You see, the USFS staff had no foresters nor anyone who had an inkling of what 400 trees per acre looked like. At Camp Baldwin we thinned down to 40 to 50 trees per acre. That’s what saved that forest from immolation and saved the owl habitat, too.

To my knowledge the Plan was never altered despite my protests. I bring this up only as a matter of historical curiosity. Conclude what you will.

That official (now retired and sitting on the RAC) had come the Gorge from the Los Padres NF. In 2007 and 2008 the Los Padres NF was swept by the two largest and most expensive fires in California state history, the Zaca Fire and the Basin/Indians Fire. One cause of those fires was build up of fuels in the absence of any fuels management or restoration of any kind.

That’s the kind of legacy that results from unmanagement, in my professional opinion. But you are more than welcome to draw your own conclusions.

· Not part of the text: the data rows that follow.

(* There is a meta-extendable collection of admissible sets $S_0,S_1,S_2\subseteq\{0,1,2\}^{11}$ such that $S_1$ and $S_2$ are each admissible sets consisting of $\binom{11}{7}$ vectors of weight $7$, and $S_0$ is an admissible set of $37$ vectors, each of weight $3$ (with pairwise distinct supports).
   Context: A set $S\subseteq\{0,1,2\}^m$ is admissible if (1) for all distinct $s,s'\in S$ there are coordinates $i,j$ with $s_i=0\neq s'_i$ and $s_j\neq 0=s'_j$; and (2) for all distinct $s,s',s''\in S$ there is a coordinate $k$ such that the multiset $\{s_k,s'_k,s''_k\}$ equals $\{0,1,2\}$, $\{0,0,1\}$ or $\{0,0,2\}$. The weight of a vector is its number of nonzero coordinates, its support the set of nonzero coordinates. A collection $S_0,S_1,S_2\subseteq\{0,1,2\}^m$ of admissible sets is meta-extendable if: (1) for any $s\in S_0$ and $s'\in S_1\cup S_2$, the weight of $s$ is less than the weight of $s'$; (2) whenever $x,y\in S_0$ (not necessarily distinct) and $z\in S_1\cup S_2$, there is a coordinate $k$ with the multiset $\{x_k,y_k,z_k\}$ equal to $\{0,1,2\}$, $\{0,0,1\}$ or $\{0,0,2\}$; (3) whenever $x\in S_0$, $y\in S_1$, $z\in S_2$, there is a coordinate $k$ with the multiset $\{x_k,y_k,z_k\}$ equal to $\{0,1,2\}$, $\{0,0,1\}$ or $\{0,0,2\}$. *)

From mathcomp Require Import all_boot.
Set Implicit Arguments. Unset Strict Implicit. Unset Printing Implicit Defensive.

Definition vec (m : nat) := {ffun 'I_m -> 'I_3}.

Definition good_triple (a b c : 'I_3) : bool :=
  let l := [:: nat_of_ord a; nat_of_ord b; nat_of_ord c] in
  [|| perm_eq l [:: 0; 1; 2], perm_eq l [:: 0; 0; 1] | perm_eq l [:: 0; 0; 2]].

Definition covered (m : nat) (x y z : vec m) : bool :=
  [exists k : 'I_m, good_triple (x k) (y k) (z k)].

Definition supp (m : nat) (s : vec m) : {set 'I_m} := [set i | nat_of_ord (s i) != 0].
Definition weight (m : nat) (s : vec m) : nat := #|supp s|.

Definition admissible (m : nat) (S : {set vec m}) : Prop :=
  (forall s s', s \in S -> s' \in S -> s != s' ->
     exists i j : 'I_m, [/\ nat_of_ord (s i) = 0, nat_of_ord (s' i) != 0,
                            nat_of_ord (s j) != 0 & nat_of_ord (s' j) = 0]) /\
  (forall s s' s'', s \in S -> s' \in S -> s'' \in S ->
     s != s' -> s != s'' -> s' != s'' -> covered s s' s'').

Definition meta_extendable (m : nat) (S0 S1 S2 : {set vec m}) : Prop :=
  [/\ [/\ admissible S0, admissible S1 & admissible S2],
      (forall s s', s \in S0 -> s' \in S1 :|: S2 -> weight s < weight s'),
      (forall x y z, x \in S0 -> y \in S0 -> z \in S1 :|: S2 -> covered x y z) &
      (forall x y z, x \in S0 -> y \in S1 -> z \in S2 -> covered x y z)].

From mathcomp Require Import all_boot ssralg zmodp.
Set Implicit Arguments. Unset Strict Implicit. Unset Printing Implicit Defensive.
Import GRing.Theory.

(* S0 and S1 are an explicit certificate, S1 having one vector on each of the
   'C(11, 7) supports of size 7; S2 is -S1, where negation in Z/3 swaps the
   nonzero values 1 and 2.  Negation preserves the good multisets {0,1,2},
   {0,0,1} and {0,0,2}, so S2 inherits admissibility and weights from S1.
   Condition (1) of admissibility is automatic for vectors of equal weight and
   distinct supports, since neither support can then contain the other.  What
   remains are finitely many covering conditions, decided by evaluation on an
   encoding of the vectors as lists of naturals. *)

Lemma pairwise_neq (T : eqType) (r : rel T) (s : seq T) :
  symmetric r -> pairwise r s -> {in s &, forall x y, x != y -> r x y}.
Proof.
move=> r_sym pw_r x y xs ys neq_xy.
pose r' x y := (x == y) || r x y.
have r'_refl : reflexive r' by move=> z; rewrite /r' eqxx.
have r'_sym : symmetric r' by move=> u v; rewrite /r' eq_sym r_sym.
have : pairwise r' s by apply: sub_pairwise pw_r => u v ruv; rewrite /r' ruv orbT.
rewrite pairwise_all2rel // => /allrelP/(_ x y xs ys).
by rewrite /r' (negbTE neq_xy).
Qed.

Fixpoint triplewise (T : Type) (R : T -> T -> T -> bool) (s : seq T) : bool :=
  if s is x :: s' then pairwise (R x) s' && triplewise R s' else true.

Lemma triplewise_neq (T : eqType) (R : T -> T -> T -> bool) (s : seq T) :
  (forall x y z, R x y z = R y x z) -> (forall x y z, R x y z = R x z y) ->
  triplewise R s -> {in s & &, forall x y z, x != y -> x != z -> y != z -> R x y z}.
Proof.
move=> R12 R23; elim: s => // a s IH /andP[pw_a tw_s] x y z.
have Ra := pairwise_neq (R23 a) pw_a.
move=> /predU1P[->|xs] /predU1P[->|ys] /predU1P[->|zs]; rewrite ?eqxx // => xy xz yz.
- exact: Ra.
- by rewrite R12; apply: Ra.
- by rewrite R23 R12; apply: Ra.
- exact: IH.
Qed.

Lemma uniq_map_inj_in (T1 T2 : eqType) (f : T1 -> T2) (s : seq T1) :
  uniq (map f s) -> {in s &, injective f}.
Proof.
elim: s => // a s IH /andP[fa_notin uniq_fs] x y.
move=> /predU1P[->|xs] /predU1P[->|ys] // eq_f.
- by move: fa_notin; rewrite eq_f map_f.
- by move: fa_notin; rewrite -eq_f map_f.
- exact: IH.
Qed.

Today Obama’s new Forest Czar, Agriculture Secretary Tom Vilsack, shut down all management projects in “roadless areas” that comprise 58.5 million acres of our National Forests [here]. He called a “time out.” Unfortunately, he did not call a time out to catastrophic forest fires that denude, degrade, and convert forests to tick brush, much to the detriment of spotted owls, fish, people, and other living things.

Twenty-five years is a long time. Look at all the progress we’ve made. But who am I to criticize? Please draw your own conclusions.

29 May 2009, 9:15am
by Forrest Grump


And THAT’s a small part of the history that happens and is lost when ignored. 400 sticks an acre? Nuts!

29 May 2009, 1:12pm
by Larry H.


I’ve seen “Ologists” before refuse to disclose the locations of special areas like nest trees and archeological sites before. I fnally had to ask them this one question; How am I supposed to protect the site from loggers if you won’t tell me where it is?!? After a little thinking, they finally decide to put it on a map and give it to me. some of them think that I would go out there and shoot the birdies or plunder their cultural sites. However, when they weigh the issues, they have to decide that protection is better than secrecy.